For a moment, I couldn’t say anything. Words were like the butterflies I’d chased with Caden when we were little—fluttering away and always out of reach.
“Can I order?” He didn’t sound annoyed as he asked. If anything, the amusement was very much clear in his eyes and his voice.
His voice.
Fuck, but his voice was something else. Deep and addictive. Like black coffee with a hint of caramel.
I nodded.
He tapped his fingers on the counter three times as his eyes moved past me to the huge hanging menu board.
“An Americano. Black.”
“Coming right up,” I said, unable to stop the breathless quality from seeping out of my voice. What the hell was wrong with me?
I shook my head and moved away to get his order in, wondering if I should start believing in something as silly as fate. This was the third time I saw the man in as little as a month. What were the chances?
My heart thudded heavily in my chest, and for a moment, I forgot all of my problems.
I was just a normal woman, living in New York, with normal woman problems, and things just didn’t seem so bad. My hands shook as I closed the lid on the man’s coffee cup and brought it over to the counter. He was standing there, waiting for it.
And Victoria wasn’t too far away.
She caught my eye and winked at me just as I placed the coffee cup on the counter.
I felt myself deflating on the spot. It wasn’t like Victoria was doing anything to me by showing interest in a man I had no claim to. For all she knew, I was still very much into Brody, and this man, this strangely beautiful man, was nothing to me.

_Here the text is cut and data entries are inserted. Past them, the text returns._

Definition olt (G : Type) (lt : rel G) (a b : option G) : bool :=
  match a, b with
  | Some x, Some y => lt x y
  | Some _, None => true
  | None, _ => false
  end.

Definition ole (G : eqType) (lt : rel G) (a b : option G) : bool :=
  (a == b) || olt lt a b.

Definition omin (G : Type) (lt : rel G) (a b : option G) : option G :=
  if olt lt a b then a else b.

Definition vext (G : Type) (v : G -> option G) (a : option G) : option G :=
  match a with Some x => v x | None => None end.

Definition hamel_valuation (G : lmodType C) (lt0 lt1 : rel G)
    (v : G -> option G) : Prop :=
  (forall x, v x = None <-> x = 0) /\
  [/\ (forall x y, ole lt0 (omin lt0 (v x) (v y)) (v (x + y))),
      (forall (c : C) x, c != 0 -> v (c *: x) = v x),
      (forall x y, lt1 0 x -> lt1 x y -> ole lt0 (v y) (v x)),
      (forall x, vext v (v x) = v x) &
      (forall x, olt lt1 (Some 0) (v x))].

Definition hamel_space (G : lmodType C) (lt0 lt1 : rel G) (v : G -> option G) :=
  two_ordered lt0 lt1 /\ hamel_valuation lt0 lt1 v.

Definition is_linear (G H : lmodType C) (f : G -> H) : Prop :=
  forall (c : C) (x y : G), f (c *: x + y) = c *: f x + f y.

Definition hamel_embedding (G : lmodType C) (lt0 lt1 : rel G) (v : G -> option G)
    (H : lmodType C) (lt0' lt1' : rel H) (v' : H -> option H) (f : G -> H) : Prop :=
  [/\ injective f, is_linear f,
      (forall x y, lt0 x y -> lt0' (f x) (f y)),
      (forall x y, lt1 x y -> lt1' (f x) (f y)) &
      (forall x, v' (f x) = omap f (v x))].

Definition cball (G : lmodType C) (lt0 : rel G) (v : G -> option G) (a : G) (g : G) :=
  ole lt0 (Some a) (v g).
Definition oball (G : lmodType C) (lt0 : rel G) (v : G -> option G) (a : G) (g : G) :=
  olt lt0 (Some a) (v g).

Definition alpha_cut (G : lmodType C) (lt0 lt1 : rel G) (v : G -> option G)
    (a : G) (P : G -> Prop) : Prop :=
  [/\ (forall x, P x -> cball lt0 v a x),
      (forall x y, cball lt0 v a x -> cball lt0 v a y -> lt1 y x -> P x -> P y) &
      (forall x y, cball lt0 v a x -> cball lt0 v a y -> oball lt0 v a (x - y) ->
         (P x <-> P y))].

Definition down_closed (G : Type) (lt : rel G) (P : G -> Prop) : Prop :=
  forall x y, lt y x -> P x -> P y.

End Defs.

From HB Require Import structures.
From mathcomp Require Import all_boot all_order all_algebra.
From mathcomp Require Import boolp.
Import Order.TTheory GRing.Theory Num.Theory.
Local Open Scope ring_scope.
Set Implicit Arguments. Unset Strict Implicit. Unset Printing Implicit Defensive.

(* G' is G + C h.  Each order of G' is obtained by letting h realise a cut of G:
   for <_0 the cut P', for <_1 the cut Q made of P inside the closed ball Bbar(alpha)
   and of the negative elements outside it.  An element g + c h with c <> 0 is positive
   iff -g/c lies on the correct side of the cut; since cuts are downward closed
   this is a total vector-space order.  The valuation is v'(g + c h) = min(v g, alpha)
   for c <> 0.  Its monotonicity for <_1 is the only delicate Hamel axiom: it
   reduces to the fact that adding an element of valuation > min(v p, alpha) never
   moves p across Q, which inside Bbar(alpha) is exactly the alpha-cut property of P.
   Given h* as in (4), the map g + c h |-> i(g) + c h* is strictly monotone for a
   total order, hence injective, and it preserves valuations by (b). *)

Section OrderedVectorSpace.
Variables (C : realFieldType) (G : lmodType C) (lt : rel G).
(* Let $N\ge3$, $N=2g+1$ or $2g+2$ with $g\ge1$. On the $(2g+1)$-dimensional space with coordinates $(\lambda_1,\dots,\lambda_g,z_1,\dots,z_g,v)$ (with $\lambda_j$ pairwise distinct and nonzero) consider the Poisson brackets $$\{\lambda_j,z_k\}=\delta_{jk}z_k,\quad \{\lambda_j,\lambda_k\}=\{z_j,z_k\}=\{\lambda_j,v\}=\{z_j,v\}=0.$$ Put $b_0=1,\tilde a_0=0$ if $N=2g+1$ and $b_0=v,\tilde a_0=1$ if $N=2g+2$, and define $$B(\lambda)=b_0\prod_{j=1}^g(\lambda-\lambda_j),\qquad \tilde A(\lambda)=\Bigl(\frac{\tilde a_0}{b_0}+\sum_{j=1}^g\frac{z_j}{B'(\lambda_j)(\lambda-\lambda_j)\lambda_j}\Bigr)B(\lambda).$$ Then, for independent parameters $\lambda,\mu$, $$\{\tilde A(\lambda),\tilde A(\mu)\}=\{B(\lambda),B(\mu)\}=0,\qquad \{\tilde A(\lambda),B(\mu)\}=\frac{B(\lambda)\tilde A(\mu)-\tilde A(\lambda)B(\mu)}{\lambda-\mu}.$$
   Context: $B'(\lambda_j)=b_0\prod_{k\ne j}(\lambda_j-\lambda_k)$. $\tilde A$ is the unique polynomial of degree $\le g$ with leading coefficient $\tilde a_0$ at $\lambda^g$ and $\tilde A(\lambda_j)\lambda_j=z_j$. Brackets of polynomials in $\lambda$ are taken coefficientwise. *)

From HB Require Import structures.
From mathcomp Require Import all_boot all_order all_algebra.
From mathcomp Require Import all_classical all_reals all_analysis.
Set Implicit Arguments. Unset Strict Implicit. Unset Printing Implicit Defensive.
Import Order.TTheory GRing.Theory Num.Theory.
Import numFieldNormedType.Exports.
Local Open Scope ring_scope.

Section Defs.
Variables (R : realType) (g : nat).

(* Phase space R^(2g+1) with coordinates (lambda_1..lambda_g, z_1..z_g, v),
   stored in a row vector: lambda_j at index j, z_j at index g+j, v at 2g. *)
Definition pt := 'rV[R]_(g + g).+1.
Definition lam_idx (j : 'I_g) : 'I_(g + g).+1 := inord j.
Definition z_idx (j : 'I_g) : 'I_(g + g).+1 := inord (g + j).
Definition v_idx : 'I_(g + g).+1 := inord (g + g).

Definition lam (x : pt) (j : 'I_g) : R := x ord0 (lam_idx j).
Definition zc (x : pt) (j : 'I_g) : R := x ord0 (z_idx j).
Definition vc (x : pt) : R := x ord0 v_idx.

Definition pd (F : pt -> R) (x : pt) (i : 'I_(g + g).+1) : R :=
  'D_(delta_mx ord0 i) F x.

(* The Poisson bracket determined (via the Leibniz rule) by
   {lambda_j, z_k} = delta_jk z_k, all other coordinate brackets 0:
   {F,G} = sum_j z_j (dF/dlambda_j dG/dz_j - dF/dz_j dG/dlambda_j). *)
Definition pbr (F G : pt -> R) (x : pt) : R :=
  \sum_(j < g) zc x j *
    (pd F x (lam_idx j) * pd G x (z_idx j) - pd F x (z_idx j) * pd G x (lam_idx j)).

Definition b0 (N : nat) (x : pt) : R := if odd N then 1 else vc x.
Definition a0t (N : nat) : R := if odd N then 0 else 1.

Definition Bpol (N : nat) (x : pt) : {poly R} :=
  b0 N x *: \prod_(j < g) ('X - (lam x j)%:P).

(* tilde A(lambda) = (a0/b0 + sum_j z_j / (B'(lambda_j) (lambda - lambda_j) lambda_j)) B(lambda),
   with B(lambda)/(lambda - lambda_j) the exact polynomial quotient. *)
Definition Atil (N : nat) (x : pt) : {poly R} :=
  (a0t N / b0 N x) *: Bpol N x +
  \sum_(j < g) (zc x j / ((Bpol N x)^`().[lam x j] * lam x j)) *:
                 (Bpol N x %/ ('X - (lam x j)%:P)).

End Defs.

(* Every partial derivative of A~(t) and B(t) along lambda_j or z_j is
   P_j(t) = prod_(k <> j) (t - lambda_k) times a factor independent of t.  This
   is clear except for A~(t) along lambda_j, where the summand of index k <> j
   depends on lambda_j through (t - lambda_j) / (lambda_k - lambda_j), whose
   lambda_j-derivative (t - lambda_k) / (lambda_k - lambda_j)^2 supplies the
   factor t - lambda_k missing from P_j(t).  The j-th summand of a bracket is
   thus z_j P_j(lambda) P_j(mu) times a 2x2 determinant of these factors: it
   vanishes for {A~, A~}, and for {B, B} because B does not depend on z; for
   {A~, B} the summands add up to the right-hand side by the partial-fraction
   form of A~. *)

From HB Require Import structures.
From mathcomp Require Import all_boot all_order all_algebra.
From mathcomp Require Import all_classical all_reals all_analysis.
From mathcomp Require Import ring zify.
Set Implicit Arguments. Unset Strict Implicit. Unset Printing Implicit Defensive.
Import Order.TTheory GRing.Theory Num.Theory.
Import numFieldNormedType.Exports.
Local Open Scope ring_scope.

Section Nodes.
Variables (R : fieldType) (g : nat).
Implicit Types (l z : 'I_g -> R) (j k : 'I_g) (a b h s t : R).

Definition prod_except l j t := \prod_(k < g | k != j) (t - l k).
Definition prod_except2 l j k t := \prod_(m < g | (m != j) && (m != k)) (t - l m).
Definition node_weight l j := (prod_except l j (l j) * l j)^-1.
Definition Aform a l z t :=
  a * \prod_(k < g) (t - l k) + \sum_(k < g) z k * node_weight l k * prod_except l k t.
Definition shift_at l j h : 'I_g -> R := fun k => l k + h * (j == k)%:R.

Lemma prod_sub_except l j t :
  \prod_(k < g) (t - l k) = (t - l j) * prod_except l j t.
Proof. by rewrite (bigD1 j). Qed.

Lemma prod_except_split l j k t : k != j ->
  prod_except l j t = (t - l k) * prod_except2 l j k t.
Proof. by move=> kj; rewrite /prod_except (bigD1 k) //= andbC. Qed.

Lemma prod_except2C l j k t : prod_except2 l j k t = prod_except2 l k j t.
Proof. by apply: eq_bigl => m; rewrite andbC. Qed.

Lemma shift_at_self l j h : shift_at l j h j = l j + h.
Proof. by rewrite /shift_at eqxx mulr1. Qed.

Lemma shift_at_other l j h k : k != j -> shift_at l j h k = l k.
Proof. by move=> kj; rewrite /shift_at eq_sym (negbTE kj) mulr0 addr0. Qed.

Lemma prod_except_shift_at l j h t :
  prod_except (shift_at l j h) j t = prod_except l j t.
Proof. by apply: eq_bigr => k kj; rewrite shift_at_other. Qed.

Lemma prod_except2_shift_at l j k h t :
  prod_except2 (shift_at l j h) k j t = prod_except2 l k j t.
Proof. by apply: eq_bigr => m /andP[_ mj]; rewrite shift_at_other. Qed.

Lemma Aform_shift_z a l z j h t :
  Aform a l (shift_at z j h) t =
    Aform a l z t + h * (node_weight l j * prod_except l j t).
Proof.
rewrite /Aform -addrA; congr (_ + _).
under eq_bigr do rewrite /shift_at !mulrDl.
rewrite big_split /=; congr (_ + _).
rewrite (bigD1 j) //= eqxx mulr1 big1 ?addr0 => [|k kj]; first by rewrite mulrA.
by rewrite eq_sym (negbTE kj) mulr0 !mul0r.
Qed.

Lemma Aform_shift_lam a l z j h t :
  Aform a (shift_at l j h) z t =
    a * prod_except l j t * (t - l j - h)
  + z j * prod_except l j t * node_weight (shift_at l j h) j
  + \sum_(k < g | k != j) z k * prod_except2 l k j t / (prod_except2 l k j (l k) * l k)
                          * ((t - l j - h) / (l k - l j - h)).
Proof.
rewrite /Aform (prod_sub_except _ j) shift_at_self prod_except_shift_at.
rewrite (bigD1 j) //= prod_except_shift_at addrA; congr (_ + _); first by ring.
apply: eq_bigr => k kj; have jk : j != k by rewrite eq_sym.
rewrite /node_weight !(prod_except_split _ _ jk) !prod_except2_shift_at shift_at_other //.
rewrite shift_at_self !opprD !addrA !invfM; ring.
Qed.

Lemma cross_difference_Aform a b l z s t : s != t ->
  (b * \prod_(k < g) (s - l k) * Aform a l z t
     - Aform a l z s * (b * \prod_(k < g) (t - l k))) / (s - t)
  = b * \sum_(k < g) z k * node_weight l k * (prod_except l k s * prod_except l k t).
Proof.
move=> st; rewrite /Aform.
set Ps := \prod_(k < g) (s - _); set Pt := \prod_(k < g) (t - _).
set As := \sum_(k < g) _ * prod_except l k s.
set At := \sum_(k < g) _ * prod_except l k t.
have -> : b * Ps * (a * Pt + At) - (a * Ps + As) * (b * Pt) =
          b * (Ps * At - As * Pt) by ring.
rewrite mulr_sumr mulr_suml -sumrB -mulrA; congr (_ * _).
apply: (@mulIf _ (s - t)); first by rewrite subr_eq0.
rewrite divfK ?subr_eq0 // mulr_suml; apply: eq_bigr => k _.
rewrite /Ps /Pt !(prod_sub_except l k); ring.
Qed.

End Nodes.

Lemma is_derive_bigsum (R : numFieldType) (V W : normedModType R) (I : finType)
    (P : pred I) (f : I -> V -> W) (df : I -> W) (x v : V) :
  (forall i, P i -> is_derive x v (f i) (df i)) ->
  is_derive x v (fun y => \sum_(i | P i) f i y) (\sum_(i | P i) df i).
Proof.
move=> fdf; rewrite -fct_sumE.
elim/big_ind2 : _ => // [|? ? ? ? ? ?]; [exact: is_derive_cst | exact: is_deriveD].
Qed.

Lemma derivable_bigprod (R : numFieldType) (V : normedModType R) (I : finType)
    (P : pred I) (f : I -> V -> R) (x v : V) :
  (forall i, P i -> derivable (f i) x v) ->
  derivable (fun y => \prod_(i | P i) f i y) x v.
Proof.
move=> df; rewrite -fct_prodE.
elim/big_ind : _ => // ? ? ? ?; exact: derivableM.
Qed.

Section RealDerivatives.
Variable R : realType.

Lemma is_derive_const_sub (u x : R) : is_derive x 1 (fun h => u - h) (-1).
Proof.
apply: is_derive_eq (is_deriveB (is_derive_cst u x 1) (is_derive_id x 1)) _.
by rewrite sub0r.
Qed.

Lemma is_derive_sub_ratio (u v : R) : v != 0 ->
  is_derive (0 : R) 1 (fun h => (u - h) / (v - h)) ((u - v) / v ^+ 2).
Proof.
move=> v0; have v0' : v - 0 != 0 by rewrite subr0.
apply: is_derive_eq (is_deriveM (is_derive_const_sub u 0)
  (is_deriveV (f := fun h => v - h) v0' (is_derive_const_sub v 0))) _.
by rewrite !subr0 /GRing.scale /=; field; rewrite v0.
Qed.

Variable g : nat.
Implicit Types (l z : 'I_g -> R) (j k : 'I_g) (a t : R).

Lemma derivable_node_weight_shift_at l j : prod_except l j (l j) * l j != 0 ->
  derivable (fun h => node_weight (shift_at l j h) j) 0 1.
Proof.
move=> w0; have -> : (fun h => node_weight (shift_at l j h) j) =
    (fun h => (prod_except l j (l j + h) * (l j + h))^-1).
  by apply/funext => h; rewrite /node_weight prod_except_shift_at shift_at_self.
apply: derivableV; first by rewrite addr0.
have dP : derivable (fun h => prod_except l j (l j + h)) 0 1.
  apply: derivable_bigprod => k _.
  by have [] := is_deriveB (is_derive_cst (l j) (0 : R) 1) (is_derive_const_sub (l k) 0).
have dlj := is_deriveD (is_derive_cst (l j) (0 : R) 1) (is_derive_id (0 : R) 1).
by have [] := is_deriveM (derivableP dP) dlj.
Qed.

Lemma is_derive_Aform_z a l z j t :
  is_derive (0 : R) 1 (fun h => Aform a l (shift_at z j h) t)
    (node_weight l j * prod_except l j t).
Proof.
set c := node_weight l j * prod_except l j t.
have -> : (fun h => Aform a l (shift_at z j h) t) = (fun h => Aform a l z t + h * c).
  by apply/funext => h; rewrite Aform_shift_z.
have dc := is_deriveM (is_derive_id (0 : R) 1) (is_derive_cst c (0 : R) 1).
apply: is_derive_eq (is_deriveD (is_derive_cst (Aform a l z t) (0 : R) 1) dc) _.
by rewrite /GRing.scale /=; ring.
Qed.

(* The derivative of the weight of node j along its own line is never evaluated:
   it cancels in every bracket. *)
Definition Aform_lam_rate a l z j : R :=
  - a + z j * 'D_1 (fun h => node_weight (shift_at l j h) j) 0
  + \sum_(k < g | k != j) z k / (prod_except2 l k j (l k) * l k * (l k - l j) ^+ 2).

“Thank you, sweetheart,” the man said, placing a twenty on the counter for me before picking up his cup. I watched as he made his way outside the coffee shop, his broad back to me as he took in the view. I could see his arm movements, indicating he was taking a small sip of his coffee and pulling out his phone with his other hand.
Was he texting his girlfriend? There was no way a man who looked likethatdidn’t have a girlfriend, which meant Victoria might not have a chance with him. I didn’t know which I wanted less—for the man to have a girlfriend or for Victoria not to have a chance with him.
It didn’t matter.
Victoria had always been the more outspoken one between the two of us. I wasn’t shy by any means, but that didn’t mean I would feel comfortable just approaching a stranger and striking up a conversation.
And I could do nothing but stand helplessly by as Victoria made her way outside and stood next to the man, a flirtatious smile on her face as she pushed her long locks of red hair back over her shoulder.
She was talking to him. I didn’t know what she usually said in situations like this to get men to fall over themselves for her, but it usually worked.
Her eyes were animated until, finally, she stopped talking long enough for the man to respond. I frowned as the happy look on her face soured. She said something back to him, no longer looking like her usual cheerful self from moments before.
The man shook his head and walked away, leaving her standing there, watching his retreat before she turned back to me and headed inside the coffee shop.
“Are you okay?” I asked when she got close to me.
“That man is either gay or taken,” she said flippantly.
My brows rose in surprise. “How do you know?”
“Because,” she said, moving in closer to me. “He said he wasn’t interested in me.”
And she got either that he was into men or had someone else already out of that? He could just be… not interested.
I didn’t say that, though. Victoria wasn’t known for being levelheaded, especially when she felt there was a slight toward her in some way.
With a huff, she grabbed the drink she had left at the counter and walked to one of the corner tables in the shop by the windows. I turned away and wiped the counter, even if it was already spotless.
I wasn’t feeling as deflated as I had been when I watched my friend approach the man, even if I knew there wasn’t a chance in hell he could be mine.